Task instructions — How many separate lines in this material contain the string "dotv"? Respond with the number alone.

+++++

(* Let $f \colon \mathbb{R}^n \to \mathbb{R}$ be the Euclidean norm, $f(x) = \|x\|$. Then every BFGS sequence $(x_k)_{k \ge 0}$ for $f$ converges to $0$.
   Context: A sequence $(x_k)$ is a BFGS sequence for $f$ if $f$ is differentiable at each $x_k$ with $\nabla f(x_k) \neq 0$, and there exist parameters $0<\mu<\nu<1$ and a positive definite $n\times n$ matrix $H_0$ such that, with $s_k = x_{k+1}-x_k$, $y_k = \nabla f(x_{k+1}) - \nabla f(x_k)$, $V_k = I - \frac{s_k y_k^T}{s_k^T y_k}$ and $H_{k+1} = V_k H_k V_k^T + \frac{s_k s_k^T}{s_k^T y_k}$, one has for all $k=0,1,2,\dots$: $H_k \nabla f(x_k) \in -\mathbb{R}_+ s_k$, $f(x_{k+1}) \le f(x_k) + \mu \nabla f(x_k)^T s_k$, and $\nabla f(x_{k+1})^T s_k \ge \nu \nabla f(x_k)^T s_k$. *)

From HB Require Import structures.
From mathcomp Require Import all_boot all_order all_algebra.
From mathcomp Require Import all_classical all_reals all_analysis.
Set Implicit Arguments. Unset Strict Implicit. Unset Printing Implicit Defensive.
Import Order.TTheory GRing.Theory Num.Theory.
Import numFieldNormedType.Exports.
Local Open Scope ring_scope.

Section BFGS.
Variables (R : realType) (n : nat).

Definition dotv (u v : 'cV[R]_n) : R := (u^T *m v) 0 0.

Definition euclid_norm (x : 'cV[R]_n) : R := Num.sqrt (\sum_i (x i 0) ^+ 2).

Definition is_gradient (f : 'cV[R]_n -> R) (x g : 'cV[R]_n) : Prop :=
  differentiable f x /\ forall v : 'cV[R]_n, 'd f x v = dotv g v.

Definition posdef (H : 'M[R]_n) : Prop :=
  H^T = H /\ forall v : 'cV[R]_n, v != 0 -> 0 < dotv v (H *m v).

Definition BFGS_update (H : 'M[R]_n) (s y : 'cV[R]_n) : 'M[R]_n :=
  let V := 1%:M - (dotv s y)^-1 *: (s *m y^T) in
  V *m H *m V^T + (dotv s y)^-1 *: (s *m s^T).

Fixpoint BFGS_H (H0 : 'M[R]_n) (s y : nat -> 'cV[R]_n) (k : nat) : 'M[R]_n :=
  match k with
  | 0 => H0
  | k'.+1 => BFGS_update (BFGS_H H0 s y k') (s k') (y k')
  end.

Definition BFGS_sequence (f : 'cV[R]_n -> R) (x : nat -> 'cV[R]_n) : Prop :=
  exists (g : nat -> 'cV[R]_n) (mu nu : R) (H0 : 'M[R]_n),
    (forall k, is_gradient f (x k) (g k) /\ g k != 0) /\
    0 < mu /\ mu < nu /\ nu < 1 /\ posdef H0 /\
    let s := fun k => x k.+1 - x k in
    let y := fun k => g k.+1 - g k in
    forall k,
      (exists t : R, 0 <= t /\ BFGS_H H0 s y k *m g k = - (t *: s k)) /\
      f (x k.+1) <= f (x k) + mu * dotv (g k) (s k) /\
      dotv (g k.+1) (s k) >= nu * dotv (g k) (s k).

End BFGS.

+++++

Finished task — 7